_Task directions_
Copy out each line below containing "congr".

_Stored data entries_
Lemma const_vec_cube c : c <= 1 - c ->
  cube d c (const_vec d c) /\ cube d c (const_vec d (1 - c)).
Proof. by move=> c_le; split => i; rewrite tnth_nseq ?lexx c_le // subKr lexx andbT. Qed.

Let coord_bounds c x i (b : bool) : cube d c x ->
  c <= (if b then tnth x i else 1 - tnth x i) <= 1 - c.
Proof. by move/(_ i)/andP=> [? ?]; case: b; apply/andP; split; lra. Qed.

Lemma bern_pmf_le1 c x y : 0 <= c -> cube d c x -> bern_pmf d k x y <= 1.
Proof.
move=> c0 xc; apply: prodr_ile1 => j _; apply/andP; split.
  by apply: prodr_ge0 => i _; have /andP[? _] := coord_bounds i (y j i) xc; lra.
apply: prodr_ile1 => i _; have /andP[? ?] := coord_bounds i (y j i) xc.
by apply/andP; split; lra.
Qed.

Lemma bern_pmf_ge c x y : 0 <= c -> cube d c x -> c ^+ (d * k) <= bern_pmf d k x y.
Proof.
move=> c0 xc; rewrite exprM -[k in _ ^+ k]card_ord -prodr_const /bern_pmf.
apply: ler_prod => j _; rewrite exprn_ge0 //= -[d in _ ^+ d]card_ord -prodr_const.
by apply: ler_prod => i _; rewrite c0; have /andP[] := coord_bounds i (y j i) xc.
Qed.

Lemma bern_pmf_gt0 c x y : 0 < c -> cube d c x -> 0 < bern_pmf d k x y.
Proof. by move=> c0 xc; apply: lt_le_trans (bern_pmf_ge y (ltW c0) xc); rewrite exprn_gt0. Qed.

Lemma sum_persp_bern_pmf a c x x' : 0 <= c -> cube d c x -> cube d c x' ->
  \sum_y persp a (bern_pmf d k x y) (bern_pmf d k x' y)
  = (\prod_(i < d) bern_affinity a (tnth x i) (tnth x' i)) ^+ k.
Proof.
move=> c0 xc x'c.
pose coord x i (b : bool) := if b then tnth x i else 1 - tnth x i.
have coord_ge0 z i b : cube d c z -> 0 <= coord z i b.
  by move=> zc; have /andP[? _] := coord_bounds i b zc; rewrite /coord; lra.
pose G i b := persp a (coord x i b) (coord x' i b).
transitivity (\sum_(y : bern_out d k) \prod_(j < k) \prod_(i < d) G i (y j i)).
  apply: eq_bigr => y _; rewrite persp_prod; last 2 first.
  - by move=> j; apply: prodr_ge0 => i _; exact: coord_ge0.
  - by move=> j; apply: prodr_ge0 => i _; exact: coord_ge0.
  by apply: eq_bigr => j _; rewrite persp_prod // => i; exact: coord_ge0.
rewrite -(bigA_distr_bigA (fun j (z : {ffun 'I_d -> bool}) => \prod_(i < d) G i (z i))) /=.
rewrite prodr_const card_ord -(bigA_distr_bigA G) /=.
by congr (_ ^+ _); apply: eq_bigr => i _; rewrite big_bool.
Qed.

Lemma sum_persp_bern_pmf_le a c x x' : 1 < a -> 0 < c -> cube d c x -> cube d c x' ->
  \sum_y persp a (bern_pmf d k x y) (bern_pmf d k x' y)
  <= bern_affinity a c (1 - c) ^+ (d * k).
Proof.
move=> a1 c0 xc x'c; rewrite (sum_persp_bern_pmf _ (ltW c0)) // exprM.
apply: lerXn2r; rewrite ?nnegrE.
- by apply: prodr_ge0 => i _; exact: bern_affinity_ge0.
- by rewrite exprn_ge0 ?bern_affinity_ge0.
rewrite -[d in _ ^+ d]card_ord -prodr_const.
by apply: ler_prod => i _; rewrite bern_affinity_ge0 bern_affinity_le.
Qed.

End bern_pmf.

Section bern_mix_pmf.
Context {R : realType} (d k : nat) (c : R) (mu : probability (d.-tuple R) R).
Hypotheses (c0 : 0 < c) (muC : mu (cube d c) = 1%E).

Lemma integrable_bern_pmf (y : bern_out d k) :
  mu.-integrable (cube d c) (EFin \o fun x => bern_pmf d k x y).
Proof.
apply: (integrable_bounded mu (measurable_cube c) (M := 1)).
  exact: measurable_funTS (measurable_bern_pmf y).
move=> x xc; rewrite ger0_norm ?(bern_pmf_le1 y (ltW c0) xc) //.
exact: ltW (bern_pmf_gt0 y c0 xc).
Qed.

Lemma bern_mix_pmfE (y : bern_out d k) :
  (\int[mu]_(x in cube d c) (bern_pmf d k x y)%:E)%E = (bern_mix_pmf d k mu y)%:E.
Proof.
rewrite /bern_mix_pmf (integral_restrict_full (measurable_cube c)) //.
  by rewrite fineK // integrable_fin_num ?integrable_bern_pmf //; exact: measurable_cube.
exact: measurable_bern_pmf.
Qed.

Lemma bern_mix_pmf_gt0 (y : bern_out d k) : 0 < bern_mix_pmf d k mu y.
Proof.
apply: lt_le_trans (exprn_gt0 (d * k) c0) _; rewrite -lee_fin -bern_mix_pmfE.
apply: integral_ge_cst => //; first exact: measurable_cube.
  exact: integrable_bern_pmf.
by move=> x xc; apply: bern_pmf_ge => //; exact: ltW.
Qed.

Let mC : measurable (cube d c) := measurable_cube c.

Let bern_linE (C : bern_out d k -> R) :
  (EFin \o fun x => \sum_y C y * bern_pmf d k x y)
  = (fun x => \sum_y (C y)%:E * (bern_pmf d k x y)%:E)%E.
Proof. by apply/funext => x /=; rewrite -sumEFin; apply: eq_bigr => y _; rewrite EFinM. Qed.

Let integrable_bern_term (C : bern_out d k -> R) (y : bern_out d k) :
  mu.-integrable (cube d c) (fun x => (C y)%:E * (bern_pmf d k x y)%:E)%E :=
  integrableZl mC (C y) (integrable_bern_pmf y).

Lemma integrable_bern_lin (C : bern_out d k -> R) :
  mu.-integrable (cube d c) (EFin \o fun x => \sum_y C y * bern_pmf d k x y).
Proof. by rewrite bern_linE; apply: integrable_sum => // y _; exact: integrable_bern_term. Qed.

--

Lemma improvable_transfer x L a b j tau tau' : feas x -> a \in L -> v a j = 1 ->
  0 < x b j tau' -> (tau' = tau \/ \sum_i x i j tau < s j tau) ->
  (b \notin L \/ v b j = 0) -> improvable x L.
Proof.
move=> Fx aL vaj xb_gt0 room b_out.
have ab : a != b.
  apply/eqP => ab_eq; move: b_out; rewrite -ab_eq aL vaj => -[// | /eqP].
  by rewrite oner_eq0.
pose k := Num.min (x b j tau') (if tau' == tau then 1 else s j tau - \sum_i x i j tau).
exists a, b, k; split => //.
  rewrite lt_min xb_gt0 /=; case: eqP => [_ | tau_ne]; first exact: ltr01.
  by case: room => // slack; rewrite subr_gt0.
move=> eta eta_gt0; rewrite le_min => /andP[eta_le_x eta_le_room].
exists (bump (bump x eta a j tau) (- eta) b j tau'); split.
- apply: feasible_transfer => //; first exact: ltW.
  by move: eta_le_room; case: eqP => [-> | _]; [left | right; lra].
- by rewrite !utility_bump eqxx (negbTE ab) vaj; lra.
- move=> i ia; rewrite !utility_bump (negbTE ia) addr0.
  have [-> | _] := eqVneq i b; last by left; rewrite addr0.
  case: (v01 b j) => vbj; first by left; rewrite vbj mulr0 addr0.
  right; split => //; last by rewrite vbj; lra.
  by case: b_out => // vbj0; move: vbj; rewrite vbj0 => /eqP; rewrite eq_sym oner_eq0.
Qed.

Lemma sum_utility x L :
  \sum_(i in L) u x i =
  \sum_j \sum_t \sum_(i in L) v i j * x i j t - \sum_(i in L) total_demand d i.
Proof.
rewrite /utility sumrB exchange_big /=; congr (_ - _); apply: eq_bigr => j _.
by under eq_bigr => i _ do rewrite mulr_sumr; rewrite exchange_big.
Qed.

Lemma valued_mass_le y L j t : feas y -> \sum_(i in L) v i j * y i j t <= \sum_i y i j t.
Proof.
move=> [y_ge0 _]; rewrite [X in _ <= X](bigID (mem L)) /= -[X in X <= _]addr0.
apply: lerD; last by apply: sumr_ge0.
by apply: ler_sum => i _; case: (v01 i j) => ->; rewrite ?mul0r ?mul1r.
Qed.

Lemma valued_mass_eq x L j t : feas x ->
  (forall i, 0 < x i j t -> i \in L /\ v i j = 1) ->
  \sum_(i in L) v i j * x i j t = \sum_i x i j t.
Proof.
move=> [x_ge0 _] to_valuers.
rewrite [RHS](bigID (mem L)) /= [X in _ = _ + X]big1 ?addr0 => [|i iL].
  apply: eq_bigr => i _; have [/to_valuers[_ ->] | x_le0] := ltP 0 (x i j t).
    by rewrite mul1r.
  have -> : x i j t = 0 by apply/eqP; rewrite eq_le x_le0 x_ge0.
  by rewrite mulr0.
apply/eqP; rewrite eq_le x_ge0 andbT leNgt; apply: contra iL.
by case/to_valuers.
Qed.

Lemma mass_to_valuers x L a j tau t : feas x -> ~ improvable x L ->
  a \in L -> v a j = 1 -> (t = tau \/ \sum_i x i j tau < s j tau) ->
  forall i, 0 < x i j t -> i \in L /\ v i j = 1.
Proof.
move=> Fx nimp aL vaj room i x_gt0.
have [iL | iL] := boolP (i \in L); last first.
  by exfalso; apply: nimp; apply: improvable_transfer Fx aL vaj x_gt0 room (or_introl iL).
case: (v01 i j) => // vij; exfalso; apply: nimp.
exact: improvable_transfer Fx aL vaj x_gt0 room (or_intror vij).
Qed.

_Response_
by congr (_ ^+ _); apply: eq_bigr => i _; rewrite big_bool.
rewrite /utility sumrB exchange_big /=; congr (_ - _); apply: eq_bigr => j _.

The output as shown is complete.